-- RECORDS TO PROCESS follows --

Lemma continuity_RInt_param f a b :
  a <= b -> continuous2 f -> continuity (fun s => RInt (fun x => f s x) a b).
Proof.
  intros Hab Hf t eps Heps.
  assert (He : 0 < eps / (b - a + 1)) by (apply Rdiv_lt_0_compat; lra).
  destruct (uniform_continuity_2d_1d (fun x s => f s x) a b t) with (eps := mkposreal _ He)
    as [delta Hdelta].
  { intros x _ e. destruct (Hf t x e) as [r Hr]. exists r. intros u v Hu Hv. apply Hr; auto. }
  exists delta. split; [apply cond_pos|]. intros s [_ Hs]. simpl in Hs. unfold R_dist in Hs.
  simpl. unfold R_dist.
  rewrite <- RInt_minus_R by (apply ex_RInt_continuity, continuity_slice, Hf).
  apply Rle_lt_trans with ((b - a) * (eps / (b - a + 1))).
  - apply abs_RInt_le_const; [assumption| |].
    + apply ex_RInt_continuity. apply (continuity_minus (fun x => f s x) (fun x => f t x));
        apply continuity_slice, Hf.
    + intros u Hu. left. apply Rabs_def2 in Hs. pose proof (cond_pos delta).
      apply (Hdelta u t u s); [exact Hu | lra | exact Hu | lra |].
      rewrite Rminus_eq_0, Rabs_R0. apply cond_pos.
  - apply Rlt_le_trans with ((b - a + 1) * (eps / (b - a + 1))).
    + apply Rmult_lt_compat_r; [assumption | lra].
    + right. field. lra.
Qed.

Lemma pder_app l1 l2 f : pder (l1 ++ l2) f = pder l1 (pder l2 f).
Proof. induction l1 as [|b l1 IH]; simpl; [reflexivity|]. rewrite IH. reflexivity. Qed.

Lemma smooth2_pder l f : smooth2 f -> smooth2 (pder l f).
Proof. intros H l' t x. rewrite <- pder_app. apply H. Qed.

Lemma continuous2_pder l f : smooth2 f -> continuous2 (pder l f).
Proof. intros H t x. apply (H l t x). Qed.

Lemma pder_swap l f : smooth2 f -> pder (true :: false :: l) f = pder (false :: true :: l) f.
Proof.
  intros H. apply functional_extensionality; intro t.
  apply functional_extensionality; intro x. simpl.
  pose proof (smooth2_pder l f H) as HG. set (G := pder l f) in *.
  apply (Schwarz G t x).
  - exists (mkposreal 1 Rlt_0_1). intros u v _ _.
    repeat split; [apply (HG nil u v) | apply (HG nil u v)
                  | apply (HG (false :: nil) u v) | apply (HG (true :: nil) u v)].
  - apply (HG (true :: false :: nil) t x).
  - apply (HG (false :: true :: nil) t x).
Qed.

Lemma pder_t_repeat_x k f :
  smooth2 f -> pder (true :: repeat false k) f = pder (repeat false k ++ true :: nil) f.
Proof.
  intros H. induction k as [|k IH]; [reflexivity|].
  change (repeat false (S k)) with (false :: repeat false k).
  rewrite pder_swap by assumption. simpl. rewrite <- IH. reflexivity.
Qed.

-- RECORDS TO PROCESS concluded --

== PROBLEM DETAILS ==
Return every line of the preceding records in which the word "induction" appears.

== TASK SOLUTION ==
Proof. induction l1 as [|b l1 IH]; simpl; [reflexivity|]. rewrite IH. reflexivity. Qed.
  intros H. induction k as [|k IH]; [reflexivity|].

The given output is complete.